***** Exercise input *****

(* Let $G$ be a finite, simple, connected graph without isolated vertices. Then Dom has a winning strategy in the Sepy-start Disjoint Domination Game played on $G$.
   Context: For a vertex $v$ of a graph $G$, $N[v]$ denotes its closed neighborhood ($v$ together with its neighbors). The Disjoint Domination Game on an isolate-free graph $G$ is played by two players, Dom and Sepy, with the color set $\{p,b\}$ (purple and blue). At any stage, $V_p$ and $V_b$ denote the sets of vertices colored $p$ and $b$, respectively, and for a color $c$ we write $\bar c$ for the other color. The players alternately make moves; either player may use either color. A move consists of choosing a vertex $v$ and a color $c\in\{p,b\}$ such that (i) $v$ is not yet colored, and (ii) there is a vertex $u\in N[v]$ with $N[u]\cap V_c=\emptyset$ (evaluated before the move); then $v$ receives color $c$. A player must make a legal move on his turn (no passing). The game terminates as soon as one of the following holds: (s* ) some vertex $v$ has a monochromatic closed neighborhood, i.e. $N[v]\subseteq V_p$ or $N[v]\subseteq V_b$ — then Sepy wins; (d* ) both $V_p$ and $V_b$ are dominating sets of $G$ — then Dom wins. In the Sepy-start game, Sepy makes the first move. *)

From mathcomp Require Import all_boot.
Set Implicit Arguments. Unset Strict Implicit. Unset Printing Implicit Defensive.

Definition simple_graph (T : finType) (e : rel T) : Prop :=
  symmetric e /\ irreflexive e.

Definition cnbhd (T : finType) (e : rel T) (v : T) : {set T} :=
  [set u | (u == v) || e v u].

Definition connected_graph (T : finType) (e : rel T) : Prop :=
  forall x y : T, connect e x y.

Definition isolate_free (T : finType) (e : rel T) : Prop :=
  forall v : T, exists u : T, e v u.

(* Colours: true = purple (p), false = blue (b).
   A position: each vertex is uncoloured (None) or coloured (Some c). *)
Definition coloring (T : finType) := {ffun T -> option bool}.

Definition init_coloring (T : finType) : coloring T := [ffun _ => None].

Definition sepy_cond (T : finType) (e : rel T) (f : coloring T) : Prop :=
  exists v : T, exists c : bool, forall u, u \in cnbhd e v -> f u = Some c.

Definition dominating_color (T : finType) (e : rel T) (f : coloring T)
  (c : bool) : Prop :=
  forall v : T, exists2 u, u \in cnbhd e v & f u = Some c.

Definition dom_cond (T : finType) (e : rel T) (f : coloring T) : Prop :=
  dominating_color e f true /\ dominating_color e f false.

Definition legal_move (T : finType) (e : rel T) (f : coloring T)
  (v : T) (c : bool) : Prop :=
  f v = None /\
  exists2 u, u \in cnbhd e v & forall w, w \in cnbhd e u -> f w <> Some c.

Definition play (T : finType) (f : coloring T) (v : T) (c : bool)
  : coloring T := [ffun x => if x == v then Some c else f x].

(* dom_wins e f t : from position f with Dom to move iff t = true,
   Dom has a winning strategy.  The game stops as soon as [s*] or [d*]
   holds; [s*] means Sepy wins.  A player must move (no passing); a
   non-terminal position with no legal move is (conservatively) not
   counted as a Dom win (such positions cannot actually occur). *)
Inductive dom_wins (T : finType) (e : rel T) : coloring T -> bool -> Prop :=
| dom_wins_end f t :
    ~ sepy_cond e f -> dom_cond e f -> dom_wins e f t
| dom_wins_dom_turn f :
    ~ sepy_cond e f -> ~ dom_cond e f ->
    (exists v c, legal_move e f v c /\ dom_wins e (play f v c) false) ->
    dom_wins e f true
| dom_wins_sepy_turn f :
    ~ sepy_cond e f -> ~ dom_cond e f ->
    (exists v c, legal_move e f v c) ->
    (forall v c, legal_move e f v c -> dom_wins e (play f v c) true) ->
    dom_wins e f false.

From mathcomp Require Import all_boot.
Set Implicit Arguments. Unset Strict Implicit.

(* Dom keeps the position balanced: every coloured vertex sees both colours
   in its closed neighbourhood, so no [N[v]] can become monochromatic at a
   coloured vertex.  After Sepy colours [w] with [c], either [w] already sees
   [~~ c] and Dom makes a move that keeps the balance (one exists by
   connectivity: walk from a vertex missing a colour to a coloured vertex), or
   legality of Sepy's move leaves an uncoloured [y] in [N[w]], and Dom colours
   it [~~ c], balancing [w] and [y] at once.  The number of uncoloured vertices
   decreases, so the game ends with [d*]. *)

Section DisjointDomination.

Variables (T : finType) (e : rel T).
Implicit Types (f g : coloring T) (u v w x y : T) (c d : bool).

Definition sees f x c : bool := [exists u in cnbhd e x, f u == Some c].

Definition sees_both f x : bool := sees f x true && sees f x false.

Definition balanced f : Prop := forall x c, f x = Some c -> sees_both f x.

Definition uncolored f : {set T} := [set x | f x == None].

Lemma in_cnbhd u v : (u \in cnbhd e v) = (u == v) || e v u.
Proof. by rewrite inE. Qed.

Lemma cnbhd_refl v : v \in cnbhd e v.
Proof. by rewrite in_cnbhd eqxx. Qed.

Lemma seesP f x c :
  reflect (exists2 u, u \in cnbhd e x & f u = Some c) (sees f x c).
Proof.
by apply: (iffP exists_inP) => -[u Hu /eqP fu]; exists u => //; apply/eqP.
Qed.

Lemma sees_self f x c : f x = Some c -> sees f x c.
Proof. by move=> fx; apply/seesP; exists x; rewrite ?cnbhd_refl. Qed.

Lemma sees_both_compl f x c : sees f x c -> sees f x (~~ c) -> sees_both f x.
Proof. by rewrite /sees_both; case: c => -> ->. Qed.

Lemma not_sees f x c u : ~~ sees f x c -> u \in cnbhd e x -> f u <> Some c.
Proof. by move=> /seesP nx Hu fu; apply: nx; exists u. Qed.

Lemma unseen_uncolored f x c u :
  ~~ sees f x c -> ~~ sees f x (~~ c) -> u \in cnbhd e x -> f u = None.
Proof.
move=> nc nc' Hu; case fu: (f u) => [d|] //.
have [dc|dc] := eqVneq d c; first by case: (not_sees nc Hu); rewrite fu dc.
by case: (not_sees nc' Hu); rewrite fu; case: c d dc {nc nc' fu} => -[].
Qed.

Lemma playE f v c x : play f v c x = if x == v then Some c else f x.
Proof. by rewrite ffunE. Qed.

Lemma play_self f v c : play f v c v = Some c.
Proof. by rewrite playE eqxx. Qed.

Lemma play_other f v c x : x != v -> play f v c x = f x.
Proof. by rewrite playE => /negbTE ->. Qed.

Lemma sees_play f v c x d : f v = None -> sees f x d -> sees (play f v c) x d.
Proof.
move=> fv /seesP[u Hu fu]; apply/seesP; exists u => //.
by rewrite play_other //; apply: contra_eqN fu => /eqP ->; rewrite fv.
Qed.

Lemma sees_both_play f v c x :
  f v = None -> sees_both f x -> sees_both (play f v c) x.
Proof. by move=> fv /andP[st sf]; rewrite /sees_both !sees_play. Qed.

Lemma balanced_play f y d :
  balanced f -> f y = None -> sees (play f y d) y (~~ d) ->
  balanced (play f y d).
Proof.
move=> bal fy sy x c'; have [->|xy] := eqVneq x y.
  by move=> _; apply: (@sees_both_compl _ _ d) => //; apply/sees_self/play_self.
by rewrite play_other // => /bal; apply: sees_both_play.
Qed.

Lemma sees_both_not_monochromatic f v c' :
  sees_both f v -> ~ (forall u, u \in cnbhd e v -> f u = Some c').
Proof.
case/andP=> /seesP[u1 Hu1 f1] /seesP[u2 Hu2 f2] mono.
by move: (mono _ Hu1) (mono _ Hu2); rewrite f1 f2 => -[<-] [].
Qed.

Lemma balanced_no_sepy f : balanced f -> ~ sepy_cond e f.
Proof.
move=> bal [v [c' mono]].
exact: sees_both_not_monochromatic (bal _ _ (mono _ (cnbhd_refl v))) mono.
Qed.

Lemma dom_condP f : reflect (dom_cond e f) [forall v, sees_both f v].
Proof.
apply: (iffP forallP) => [all_v | [dt df] v].
  by split=> v; case/andP: (all_v v) => /seesP ? /seesP.
by apply/andP; split; apply/seesP; [apply: dt | apply: df].
Qed.

Lemma not_dom_cond f : ~ dom_cond e f -> exists v c, ~~ sees f v c.
Proof.
move/dom_condP; rewrite negb_forall => /existsP[v].
by rewrite negb_and => /orP[] nv; [exists v, true | exists v, false].
Qed.

Lemma legal_move_unseen f y u c :
  f y = None -> u \in cnbhd e y -> ~~ sees f u c -> legal_move e f y c.
Proof. by move=> fy Hu nu; split=> //; exists u => // x; apply: not_sees. Qed.

Lemma card_uncolored_play f v c :
  f v = None -> #|uncolored (play f v c)| < #|uncolored f|.
Proof.
rewrite /uncolored => fv; apply/proper_card/properP; split.
  by apply/subsetP => x; rewrite !inE playE; case: ifP => // /eqP ->; rewrite fv.
by exists v; rewrite !inE ?play_self ?fv.
Qed.

Lemma connect_cross (p : pred T) x y :
  connect e x y -> ~~ p x -> p y -> exists a b, [/\ e a b, ~~ p a & p b].
Proof.
case/connectP=> s; elim: s x => [|z s IH] x /= es ey px py.
  by rewrite -ey py in px.
case/andP: es => exz es; have [pz|npz] := boolP (p z); first by exists x, z.
exact: IH es ey npz py.
Qed.

Hypothesis e_sym : symmetric e.

Lemma cnbhd_sym u v : (u \in cnbhd e v) = (v \in cnbhd e u).
Proof. by rewrite !in_cnbhd eq_sym e_sym. Qed.

Lemma exists_legal_move f :
  ~ sepy_cond e f -> ~ dom_cond e f -> exists v c, legal_move e f v c.
Proof.
move=> nosepy /not_dom_cond[v [c nv]].
have [/exists_inP[w Hw /eqP fw]|] := boolP [exists w in cnbhd e v, f w == None].
  by exists w, c; apply: legal_move_unseen fw _ nv; rewrite cnbhd_sym.
rewrite negb_exists_in => /forall_inP colored; case: nosepy.
exists v, (~~ c) => u Hu; have := not_sees nv Hu; have := colored u Hu.
by case: (f u) => [[]|] //; case: c {nv}.
Qed.

Hypothesis e_connected : connected_graph e.

Lemma balancing_move f z c :
  balanced f -> f z = Some c -> ~ dom_cond e f ->
  exists y d, legal_move e f y d /\ sees f y (~~ d).
Proof.
move=> bal fz /not_dom_cond[v [c' nv]].
have sz : sees f z c' by case/andP: (bal _ _ fz); case: (c').
have [b [a [eba nb sa]]] := connect_cross (p := sees f ^~ c') (e_connected v z) nv sz.
have fb : f b = None.
  case fb: (f b) => [d|] //; move: (bal _ _ fb); rewrite /sees_both.
  by case: (c') nb => /negbTE ->; rewrite ?andbF.
have [sb|nb'] := boolP (sees f b (~~ c')).
  by exists b, c'; split=> //; apply: legal_move_unseen fb (cnbhd_refl b) nb.
have fa : f a = None by apply: unseen_uncolored nb nb' _; rewrite in_cnbhd eba orbT.
exists a, (~~ c'); rewrite negbK; split=> //.
by apply: legal_move_unseen fa _ nb'; rewrite in_cnbhd e_sym eba orbT.
Qed.

Hypotheses (e_irr : irreflexive e) (e_isolate_free : isolate_free e).

Lemma sepy_move_leaves_gap f w c :
  legal_move e f w c -> exists2 y, y \in cnbhd e w & play f w c y <> Some c.
Proof.
case=> fw [u Hu noc]; have [uw|uw] := eqVneq u w.
  have [z ewz] := e_isolate_free w.
  have zw : z != w by apply: contraTneq ewz => ->; rewrite e_irr.
  have Hz : z \in cnbhd e w by rewrite in_cnbhd ewz orbT.
  by exists z; rewrite // play_other //; apply: noc; rewrite uw.
by exists u; rewrite // play_other //; apply: noc; rewrite cnbhd_refl.
Qed.

Lemma sepy_move_no_sepy f w c :
  balanced f -> legal_move e f w c -> ~ sepy_cond e (play f w c).
Proof.
move=> bal mv [v [c' mono]]; have [vw|vw] := eqVneq v w.
  have [y Hy gy] := sepy_move_leaves_gap mv; rewrite vw in mono.
  move: (mono _ Hy) (mono _ (cnbhd_refl w)); rewrite play_self => gyc [ec].
  by apply: gy; rewrite gyc ec.
have gv := mono _ (cnbhd_refl v); rewrite play_other // in gv.
exact: sees_both_not_monochromatic (sees_both_play _ mv.1 (bal _ _ gv)) mono.
Qed.

Lemma dom_reply f w c : balanced f -> legal_move e f w c ->
  ~ dom_cond e (play f w c) ->
  exists y d, legal_move e (play f w c) y d /\ balanced (play (play f w c) y d).
Proof.
move=> bal mv nodom; set g := play f w c; have [fw _] := mv.
have [sw|nw] := boolP (sees g w (~~ c)).
  have balg : balanced g := balanced_play bal fw sw.
  have [y [d [mv' sy]]] := balancing_move balg (play_self f w c) nodom.
  by exists y, d; split; last exact: balanced_play balg mv'.1 (sees_play d mv'.1 sy).
have [y Hy gyc] := sepy_move_leaves_gap mv.
have Hw : w \in cnbhd e y by rewrite cnbhd_sym.
have yw : y != w by apply/eqP => yw; apply: gyc; rewrite yw play_self.
have gy : g y = None.
  move: (not_sees nw Hy) gyc; rewrite -/g; case: (g y) => [[]|] //; by case: (c).
exists y, (~~ c); split; first exact: legal_move_unseen gy Hw nw.
have hw : play g y (~~ c) w = Some c by rewrite play_other 1?eq_sym // play_self.
move=> x c'; have [->|xy] := eqVneq x y => [_|].
  apply: (@sees_both_compl _ _ (~~ c)); first exact/sees_self/play_self.
  by rewrite negbK; apply/seesP; exists w.
have [->|xw] := eqVneq x w => [_|].
  apply: (@sees_both_compl _ _ c); first exact: sees_self hw.
  by apply/seesP; exists y; rewrite // play_self.
rewrite !play_other // => /bal /(sees_both_play c fw).
exact: sees_both_play.
Qed.

Lemma balanced_dom_wins f : balanced f -> dom_wins e f false.
Proof.
have [n] := ubnP #|uncolored f|; elim: n f => // n IH f ltf bal.
have nosepy := balanced_no_sepy bal.
have [dom|nodom] := dom_condP f; first exact: dom_wins_end.
apply: dom_wins_sepy_turn => //; first exact: exists_legal_move.
move=> w c mv; set g := play f w c.
have nosepy_g := sepy_move_no_sepy bal mv.
have [domg|nodomg] := dom_condP g; first exact: dom_wins_end.
apply: dom_wins_dom_turn => //.
have [y [d [mv' balh]]] := dom_reply bal mv nodomg.
exists y, d; split=> //; apply: IH balh.
rewrite ltnS in ltf; have ltg := card_uncolored_play c mv.1.
exact: leq_trans (card_uncolored_play d mv'.1) (leq_trans (ltnW ltg) ltf).
Qed.

End DisjointDomination.

Theorem theorem3 (T : finType) (e : rel T) :
  simple_graph e -> connected_graph e -> isolate_free e ->
  dom_wins e (init_coloring T) false.
Proof.
move=> [e_sym e_irr] e_conn e_isof; apply: balanced_dom_wins => // x c.
by rewrite ffunE.
Qed.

*****

#### [Problem description]
Only the lines that hold the word "seesP" are wanted; each should be pulled from the records.

#### [Task response]
Lemma seesP f x c :
Proof. by move=> fx; apply/seesP; exists x; rewrite ?cnbhd_refl. Qed.
Proof. by move=> /seesP nx Hu fu; apply: nx; exists u. Qed.
move=> fv /seesP[u Hu fu]; apply/seesP; exists u => //.
case/andP=> /seesP[u1 Hu1 f1] /seesP[u2 Hu2 f2] mono.
  by split=> v; case/andP: (all_v v) => /seesP ? /seesP.
by apply/andP; split; apply/seesP; [apply: dt | apply: df].
  by rewrite negbK; apply/seesP; exists w.
  by apply/seesP; exists y; rewrite // play_self.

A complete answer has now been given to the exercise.